Hours of reading this, hours reading that, a few more jotting notes down over and over so the information I need stays in my head. I feel as if I'm in the basement again in the way that I only know the amount of time I've been here based on the meals I get. It seems every five hours, Rika walks in and gives me a try of food, forcing me to stop my work to eat, she also comes around 6 hours after the last meal of the day to force me to sleep, and 9 hours later I wake up to do it all over again.

"Mc, you've been in here for weeks now." Rika said, sitting next to me at the table I've been stationed at all this time.

"I know-" I mumble out as I finish the book on security systems. I look up at her. I probably smell awful, I haven't showered or done anything hygienic in the time I've been here, I've just slept, eaten, and have been studying this entire time.

"Mc," she said in a slight giggle, but I've talked with her enough now to know that it was fake, she's all just fake. "I know you hate me saying this, but no matter what, you act just like Saeran!" She said with an ugly smile on her face.

"Ugh." I grunt out, standing up and grabbing the book I just finished, putting it back on the shelf it came from. "When are you going to stop talking to me about that, or at all, I'm doing work here that is basically life or death for me" I said in an attempt of annoyance, even if I'm just have no emotional correlation at the moment. I grab the next book on the shelf that has to do with work and not recreational reading or activities.
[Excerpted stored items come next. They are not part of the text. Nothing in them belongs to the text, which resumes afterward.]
(* Suppose a cube is inscribed in the unit sphere in $\mathbb{R}^3$ in such a way that two of its vertices lie at $(0,0,\pm1)$. Then the stereographic projection $S(x,y,z)=\frac{x}{1-z}+i\frac{y}{1-z}$ sends the remaining six vertices to the three vertices and the three midpoints of the sides of an equilateral triangle in $\mathbb{C}$. *)

From Stdlib Require Import Reals.
From Coquelicot Require Import Coquelicot.
Open Scope R_scope.

Definition pt : Type := (R * R * R)%type.

Definition px (p : pt) : R := fst (fst p).
Definition py (p : pt) : R := snd (fst p).
Definition pz (p : pt) : R := snd p.

Definition vadd (p q : pt) : pt := (px p + px q, py p + py q, pz p + pz q).
Definition vscal (a : R) (p : pt) : pt := (a * px p, a * py p, a * pz p).
Definition dot (p q : pt) : R := px p * px q + py p * py q + pz p * pz q.
Definition vnorm (p : pt) : R := sqrt (dot p p).

Definition orthonormal (e1 e2 e3 : pt) : Prop :=
  dot e1 e1 = 1 /\ dot e2 e2 = 1 /\ dot e3 e3 = 1 /\
  dot e1 e2 = 0 /\ dot e1 e3 = 0 /\ dot e2 e3 = 0.

Definition sign (eps : R) : Prop := eps = 1 \/ eps = -1.

Definition is_cube_vertex_set (V : pt -> Prop) : Prop :=
  exists (c e1 e2 e3 : pt) (s : R),
    orthonormal e1 e2 e3 /\ 0 < s /\
    forall p, V p <->
      exists eps1 eps2 eps3, sign eps1 /\ sign eps2 /\ sign eps3 /\
        p = vadd c (vscal s (vadd (vscal eps1 e1)
                                (vadd (vscal eps2 e2) (vscal eps3 e3)))).

Definition inscribed_in_unit_sphere (V : pt -> Prop) : Prop :=
  forall p, V p -> vnorm p = 1.

Definition stereo (p : pt) : C :=
  (px p / (1 - pz p), py p / (1 - pz p)).

Definition equilateral (a b c : C) : Prop :=
  a <> b /\ Cmod (a - b)%C = Cmod (b - c)%C /\ Cmod (b - c)%C = Cmod (c - a)%C.

Definition midpoint (a b : C) : C := ((a + b) / 2)%C.

From Pilot Require Import Defs.
From Stdlib Require Import Reals Lra Psatz.
From Coquelicot Require Import Coquelicot.
Open Scope R_scope.

(* Write the vertices as c + e1 f1 + e2 f2 + e3 f3 (e_i = +-1) with f_i pairwise
   orthogonal of common squared length r, oriented so that N = (0,0,1) is
   c + f1 + f2 + f3.  The vertex set is symmetric about c and lies on the unit
   sphere, so c is orthogonal to every offset v (compare |c + v| and |c - v|);
   hence c.N = |c|^2 = c.S, and S = (0,0,-1) = -N forces c = 0.  Then
   N = f1 + f2 + f3 gives r = 1/3 and every f_i has height f_i.N = 1/3.  The six
   other vertices are N - 2 f_i at height 1/3 and 2 f_i - N at height -1/3;
   projection sends them to a_i = -3 (f_i)_xy and to 3/2 (f_i)_xy, the midpoint
   of the other two a_j since the a_i sum to 0.  The f_i being orthogonal, of
   equal length and at equal height, the a_i are equidistant. *)

Lemma pt_eq (p q : pt) : px p = px q -> py p = py q -> pz p = pz q -> p = q.
Proof. destruct p as [[x y] z], q as [[x' y'] z']; cbn; intros -> -> ->; reflexivity. Qed.

Lemma dot_comm p q : dot p q = dot q p.
Proof. unfold dot; ring. Qed.

Lemma dot_vaddl p q r : dot (vadd p q) r = dot p r + dot q r.
Proof. unfold dot, vadd; cbn; ring. Qed.

Lemma dot_vaddr p q r : dot p (vadd q r) = dot p q + dot p r.
Proof. unfold dot, vadd; cbn; ring. Qed.

Lemma dot_vscal k l p q : dot (vscal k p) (vscal l q) = k * l * dot p q.
Proof. unfold dot, vscal; cbn; ring. Qed.

Lemma dot_self_ge0 p : 0 <= dot p p.
Proof. unfold dot; nra. Qed.

Lemma dot_self_eq0 p : dot p p = 0 -> p = (0, 0, 0).
Proof. unfold dot; intro H; apply pt_eq; cbn; nra. Qed.

Lemma dot_self_of_vnorm p : vnorm p = 1 -> dot p p = 1.
Proof.
  unfold vnorm; intro H.
  rewrite <- (sqrt_sqrt (dot p p)) by apply dot_self_ge0; rewrite H; ring.
Qed.

Lemma sign_sq e : Defs.sign e -> e * e = 1.
Proof. intros [-> | ->]; ring. Qed.

Lemma sign_mul a b : Defs.sign a -> Defs.sign b -> Defs.sign (a * b).
Proof. unfold Defs.sign; intros [-> | ->] [-> | ->]; [left | right | right | left]; ring. Qed.

Lemma sign_opp a : Defs.sign a -> Defs.sign (- a).
Proof. unfold Defs.sign; intros [-> | ->]; [right | left]; ring. Qed.

Definition orthogonal_frame (f1 f2 f3 : pt) (r : R) : Prop :=
  dot f1 f1 = r /\ dot f2 f2 = r /\ dot f3 f3 = r /\
  dot f1 f2 = 0 /\ dot f1 f3 = 0 /\ dot f2 f3 = 0.

Lemma orthogonal_frame_vscal f1 f2 f3 r k1 k2 k3 r' :
  k1 * k1 * r = r' -> k2 * k2 * r = r' -> k3 * k3 * r = r' ->
  orthogonal_frame f1 f2 f3 r ->
  orthogonal_frame (vscal k1 f1) (vscal k2 f2) (vscal k3 f3) r'.
Proof.
  intros E1 E2 E3 (h11 & h22 & h33 & h12 & h13 & h23).
  repeat split; rewrite dot_vscal;
    [rewrite h11 | rewrite h22 | rewrite h33 | rewrite h12 | rewrite h13 | rewrite h23];
    auto; ring.
Qed.

Definition cube_vertex (c f1 f2 f3 : pt) (e1 e2 e3 : R) : pt :=
  vadd c (vadd (vscal e1 f1) (vadd (vscal e2 f2) (vscal e3 f3))).

Definition cube_vertices (c f1 f2 f3 : pt) (p : pt) : Prop :=
  exists e1 e2 e3, Defs.sign e1 /\ Defs.sign e2 /\ Defs.sign e3 /\
    p = cube_vertex c f1 f2 f3 e1 e2 e3.

Lemma cube_vertex_set_frame V :
  is_cube_vertex_set V ->
  exists c f1 f2 f3 r, orthogonal_frame f1 f2 f3 r /\
    forall p, V p <-> cube_vertices c f1 f2 f3 p.
Proof.
  intros (c & e1 & e2 & e3 & s & He & _ & HV).
  exists c, (vscal s e1), (vscal s e2), (vscal s e3), (s * s); split.
  - apply (orthogonal_frame_vscal e1 e2 e3 1); [ring | ring | ring | exact He].
  - intro p; rewrite HV; unfold cube_vertices.
    enough (E : forall a1 a2 a3,
               vadd c (vscal s (vadd (vscal a1 e1) (vadd (vscal a2 e2) (vscal a3 e3))))
               = cube_vertex c (vscal s e1) (vscal s e2) (vscal s e3) a1 a2 a3)
      by (setoid_rewrite E; reflexivity).
    intros; apply pt_eq; cbn; ring.
Qed.

Lemma cube_vertex_reorient c f1 f2 f3 a1 a2 a3 e1 e2 e3 :
  Defs.sign a1 -> Defs.sign a2 -> Defs.sign a3 ->
  cube_vertex c (vscal a1 f1) (vscal a2 f2) (vscal a3 f3) (e1 * a1) (e2 * a2) (e3 * a3)
  = cube_vertex c f1 f2 f3 e1 e2 e3.
Proof. intros [-> | ->] [-> | ->] [-> | ->]; apply pt_eq; cbn; ring. Qed.

Lemma cube_vertices_reorient c f1 f2 f3 a1 a2 a3 p :
  Defs.sign a1 -> Defs.sign a2 -> Defs.sign a3 ->
  cube_vertices c f1 f2 f3 p <->
  cube_vertices c (vscal a1 f1) (vscal a2 f2) (vscal a3 f3) p.
Proof.
  intros s1 s2 s3; split; intros (e1 & e2 & e3 & t1 & t2 & t3 & ->).
  - exists (e1 * a1), (e2 * a2), (e3 * a3).
    repeat split; try apply sign_mul; auto.
    symmetry; apply cube_vertex_reorient; auto.
  - exists (e1 * a1), (e2 * a2), (e3 * a3).
    repeat split; try apply sign_mul; auto.
    rewrite <- (cube_vertex_reorient c f1 f2 f3 a1 a2 a3) by auto.
    rewrite !Rmult_assoc, (sign_sq a1), (sign_sq a2), (sign_sq a3) by auto.
    rewrite !Rmult_1_r; reflexivity.
Qed.

Lemma cube_frame_through V n :
  is_cube_vertex_set V -> V n ->
  exists c f1 f2 f3 r, orthogonal_frame f1 f2 f3 r /\
    n = cube_vertex c f1 f2 f3 1 1 1 /\
    forall p, V p <-> cube_vertices c f1 f2 f3 p.
Proof.
  intros Hcube Hn.
  destruct (cube_vertex_set_frame V Hcube) as (c & f1 & f2 & f3 & r & Hf & HV).
  destruct (proj1 (HV n) Hn) as (a1 & a2 & a3 & s1 & s2 & s3 & En).
  exists c, (vscal a1 f1), (vscal a2 f2), (vscal a3 f3), r; split; [| split].
  - apply (orthogonal_frame_vscal f1 f2 f3 r); auto; rewrite sign_sq; auto; ring.
  - rewrite En, <- (cube_vertex_reorient c f1 f2 f3 a1 a2 a3) by auto.
    rewrite !sign_sq by auto; reflexivity.
  - intro p; rewrite HV; apply cube_vertices_reorient; auto.
Qed.

Lemma dot_center_antipodes c v :
  dot (vadd c v) (vadd c v) = dot (vadd c (vscal (-1) v)) (vadd c (vscal (-1) v)) ->
  dot c (vadd c v) = dot c c.
Proof. unfold dot, vadd, vscal; cbn; intro; lra. Qed.

Lemma cube_center_origin V c f1 f2 f3 :
  (forall p, V p <-> cube_vertices c f1 f2 f3 p) ->
  inscribed_in_unit_sphere V -> V (0, 0, 1) -> V (0, 0, -1) ->
  c = (0, 0, 0).
Proof.
  intros HV Hunit HN HS.
  assert (Hcenter : forall p, V p -> dot c p = dot c c).
  { intros p Hp; destruct (proj1 (HV p) Hp) as (e1 & e2 & e3 & s1 & s2 & s3 & ->).
    assert (Hq : V (cube_vertex c f1 f2 f3 (- e1) (- e2) (- e3)))
      by (apply HV; exists (- e1), (- e2), (- e3); repeat split; auto using sign_opp).
    apply dot_center_antipodes.
    rewrite dot_self_of_vnorm by (apply Hunit; apply HV; exists e1, e2, e3; auto).
    replace (vadd c _) with (cube_vertex c f1 f2 f3 (- e1) (- e2) (- e3))
      by (apply pt_eq; cbn; ring).
    rewrite dot_self_of_vnorm by (apply Hunit; exact Hq); reflexivity. }
  apply dot_self_eq0.
  pose proof (Hcenter _ HN) as EN; pose proof (Hcenter _ HS) as ES.
  unfold dot in EN, ES |- *; cbn in EN, ES |- *; lra.
Qed.

Lemma frame_heights f1 f2 f3 r :
  orthogonal_frame f1 f2 f3 r -> vadd f1 (vadd f2 f3) = (0, 0, 1) ->
  r = 1 / 3 /\ pz f1 = 1 / 3 /\ pz f2 = 1 / 3 /\ pz f3 = 1 / 3.
Proof.
  intros (h11 & h22 & h33 & h12 & h13 & h23) HN.
  assert (Hz : forall f, pz f = dot f (vadd f1 (vadd f2 f3)))
    by (intro f; rewrite HN; unfold dot; cbn; ring).
  assert (Hr : 3 * r = 1).
  { replace 1 with (pz (vadd f1 (vadd f2 f3))) by (rewrite HN; reflexivity).
    rewrite Hz, !dot_vaddl, !dot_vaddr, (dot_comm f2 f1), (dot_comm f3 f1), (dot_comm f3 f2).
    lra. }
  rewrite !Hz, !dot_vaddr, (dot_comm f2 f1), (dot_comm f3 f1), (dot_comm f3 f2).
  lra.
Qed.

Definition proj_xy (p : pt) : C := (px p, py p).

Lemma Cmod_proj_xy_sub p q :
  pz p = pz q -> Cmod (proj_xy p - proj_xy q) = sqrt (dot p p + dot q q - 2 * dot p q).
Proof. intro E; unfold Cmod, dot; cbn; rewrite E; f_equal; ring. Qed.

Lemma equilateral_proj_xy f1 f2 f3 r :
  orthogonal_frame f1 f2 f3 r -> 0 < r -> pz f1 = pz f2 -> pz f2 = pz f3 ->
  equilateral (proj_xy f1) (proj_xy f2) (proj_xy f3).
Proof.
  intros (h11 & h22 & h33 & h12 & h13 & h23) Hr E12 E23.
  assert (Hside : forall f g, dot f f = r -> dot g g = r -> dot f g = 0 -> pz f = pz g ->
                    Cmod (proj_xy f - proj_xy g) = sqrt (2 * r)).
  { intros f g hf hg hfg E; rewrite Cmod_proj_xy_sub, hf, hg, hfg by exact E; f_equal; ring. }
  split; [| split].
  - intro E; injection E as Ex Ey.
    unfold dot in h11, h12; rewrite <- Ex, <- Ey, <- E12 in h12; lra.
  - rewrite !Hside; auto.
  - rewrite !Hside; auto; [rewrite dot_comm; exact h13 | congruence].
Qed.

Lemma stereo_upper f :
  pz f = 1 / 3 -> stereo (vadd (0, 0, 1) (vscal (-2) f)) = proj_xy (vscal (-3) f).
Proof.
  intro h; unfold stereo, proj_xy, vadd, vscal; cbn; rewrite h.
  apply injective_projections; cbn; field.
Qed.

Lemma stereo_lower f :
  pz f = 1 / 3 -> stereo (vadd (vscal 2 f) (0, 0, -1)) = proj_xy (vscal (3 / 2) f).
Proof.
  intro h; unfold stereo, proj_xy, vadd, vscal; cbn; rewrite h.
  apply injective_projections; cbn; field.
Qed.

Lemma midpoint_proj_xy f g h :
  px f + px g + px h = 0 -> py f + py g + py h = 0 ->
  midpoint (proj_xy (vscal (-3) f)) (proj_xy (vscal (-3) g)) = proj_xy (vscal (3 / 2) h).
Proof.
  intros Hx Hy; unfold midpoint, proj_xy, vscal, Cdiv, Cmult, Cinv, Cplus, RtoC; cbn.
  apply injective_projections; cbn; field_simplify; lra.
Qed.

Ltac solve_pt_eq := apply pt_eq; cbn in *; lra.

Definition off_pole_vertex (f1 f2 f3 p : pt) : Prop :=
  p = vadd (0, 0, 1) (vscal (-2) f1) \/ p = vadd (0, 0, 1) (vscal (-2) f2) \/
  p = vadd (0, 0, 1) (vscal (-2) f3) \/ p = vadd (vscal 2 f3) (0, 0, -1) \/
  p = vadd (vscal 2 f1) (0, 0, -1) \/ p = vadd (vscal 2 f2) (0, 0, -1).

Lemma cube_vertices_off_poles f1 f2 f3 p :
  vadd f1 (vadd f2 f3) = (0, 0, 1) ->
  pz f1 = 1 / 3 -> pz f2 = 1 / 3 -> pz f3 = 1 / 3 ->
  cube_vertices (0, 0, 0) f1 f2 f3 p /\ p <> (0, 0, 1) /\ p <> (0, 0, -1) <->
  off_pole_vertex f1 f2 f3 p.
Proof.
  destruct f1 as [[x1 y1] z1], f2 as [[x2 y2] z2], f3 as [[x3 y3] z3].
  unfold cube_vertices, off_pole_vertex, cube_vertex, vadd, vscal, Defs.sign; cbn.
  intros HN h1 h2 h3; injection HN as Hx Hy _.
  split.
  - intros ((e1 & e2 & e3 & s1 & s2 & s3 & ->) & HnN & HnS).
    destruct s1 as [-> | ->], s2 as [-> | ->], s3 as [-> | ->];
      first [ contradict HnN; solve_pt_eq | contradict HnS; solve_pt_eq
            | repeat (first [left; solve_pt_eq | right]); solve_pt_eq ].
  - intro Hp.
    assert (Hz : pz p = 1 / 3 \/ pz p = - (1 / 3))
      by (destruct Hp as [-> | [-> | [-> | [-> | [-> | ->]]]]]; cbn; lra).
    split; [| split; intros ->; cbn in Hz; lra].
    destruct Hp as [-> | [-> | [-> | [-> | [-> | ->]]]]];
      [exists (-1), 1, 1 | exists 1, (-1), 1 | exists 1, 1, (-1)
      | exists (-1), (-1), 1 | exists 1, (-1), (-1) | exists (-1), 1, (-1)];
      repeat split; auto; solve_pt_eq.
Qed.

Lemma stereo_cube_off_poles V f1 f2 f3 w :
  (forall p, V p <-> cube_vertices (0, 0, 0) f1 f2 f3 p) ->
  vadd f1 (vadd f2 f3) = (0, 0, 1) ->
  pz f1 = 1 / 3 -> pz f2 = 1 / 3 -> pz f3 = 1 / 3 ->
  (exists p, V p /\ p <> (0, 0, 1) /\ p <> (0, 0, -1) /\ stereo p = w) <->
  (w = proj_xy (vscal (-3) f1) \/ w = proj_xy (vscal (-3) f2) \/ w = proj_xy (vscal (-3) f3) \/
   w = midpoint (proj_xy (vscal (-3) f1)) (proj_xy (vscal (-3) f2)) \/
   w = midpoint (proj_xy (vscal (-3) f2)) (proj_xy (vscal (-3) f3)) \/
   w = midpoint (proj_xy (vscal (-3) f3)) (proj_xy (vscal (-3) f1))).
Proof.
  intros HV HN h1 h2 h3.
  assert (Hx : px f1 + (px f2 + px f3) = 0) by exact (f_equal px HN).
  assert (Hy : py f1 + (py f2 + py f3) = 0) by exact (f_equal py HN).
  rewrite (midpoint_proj_xy f1 f2 f3), (midpoint_proj_xy f2 f3 f1),
    (midpoint_proj_xy f3 f1 f2) by lra.
  rewrite <- (stereo_upper f1), <- (stereo_upper f2), <- (stereo_upper f3),
    <- (stereo_lower f1), <- (stereo_lower f2), <- (stereo_lower f3) by assumption.
  split.
  - intros (p & Hp & HnN & HnS & <-); apply HV in Hp.
    destruct (proj1 (cube_vertices_off_poles f1 f2 f3 p HN h1 h2 h3) (conj Hp (conj HnN HnS)))
      as [-> | [-> | [-> | [-> | [-> | ->]]]]]; intuition.
  - assert (Hq : forall q, stereo q = w -> off_pole_vertex f1 f2 f3 q ->
              exists p, V p /\ p <> (0, 0, 1) /\ p <> (0, 0, -1) /\ stereo p = w).
    { intros q Ew Hq.
      destruct (proj2 (cube_vertices_off_poles f1 f2 f3 q HN h1 h2 h3) Hq) as (Hv & HnN & HnS).
      exists q; rewrite HV; auto. }
    intros [-> | [-> | [-> | [-> | [-> | ->]]]]];
      (eapply Hq; [reflexivity | unfold off_pole_vertex; intuition]).
Qed.

Theorem lemma3p8 (V : pt -> Prop) :
  is_cube_vertex_set V ->
  inscribed_in_unit_sphere V ->
  V (0, 0, 1) -> V (0, 0, -1) ->
  exists a b c : C,
    equilateral a b c /\
    forall w : C,
      (exists p, V p /\ p <> (0, 0, 1) /\ p <> (0, 0, -1) /\ stereo p = w) <->
      (w = a \/ w = b \/ w = c \/
       w = midpoint a b \/ w = midpoint b c \/ w = midpoint c a).
Proof.
  intros Hcube Hunit HN HS.
  destruct (cube_frame_through V (0, 0, 1) Hcube HN) as (c & f1 & f2 & f3 & r & Hf & EN & HV).
  pose proof (cube_center_origin V c f1 f2 f3 HV Hunit HN HS); subst c.
  assert (Hsum : vadd f1 (vadd f2 f3) = (0, 0, 1)) by (rewrite EN; apply pt_eq; cbn; ring).
  destruct (frame_heights f1 f2 f3 r Hf Hsum) as (-> & h1 & h2 & h3).
  exists (proj_xy (vscal (-3) f1)), (proj_xy (vscal (-3) f2)), (proj_xy (vscal (-3) f3)); split.
  - apply (equilateral_proj_xy _ _ _ 3); cbn; try lra.
    apply (orthogonal_frame_vscal f1 f2 f3 (1 / 3)); auto; field.
  - intro w; apply stereo_cube_off_poles; assumption.
Qed.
"Mc!" She said harshly this time, I look up at her as I put the new book down at the table, "you can't live like this! And if you can't take care of yourself, I'll have to ground you from work for the time being!"

"You can't do that" I said, sitting down and looking back at my book, opening it up.

"I'm the leader of this place, I have the absolute power and authority to do that." She said, closing the book I just opened and pulled it away from me. I look up at her in frustration, not fake frustration but actual frustration. "And as I am in that position of power, I order you to go take a shower, maybe take a nap in an actual bed instead of on the table with your head in a book!" She said, collecting all my notebooks that I've been filling out. "And I'll be keeping these for a while until I see fit that you'll be taking care of yourself" she stands up and walks to the exit of the library.

"Where do I shower?! Or lay down?! I don't even have a room yet?!" I yell at her as she walks out, she stops and turns around with a sly smile,

"Go ask Saeran if you can use his, I'm sure he won't mind" she said happily, fully knowing that I would rather sleep on a bed of thorns before going to talk to him, but she gave me an order, and as much as I hate the order and don't trust her, I have to do it since she also has the power and the authority to rid me of life.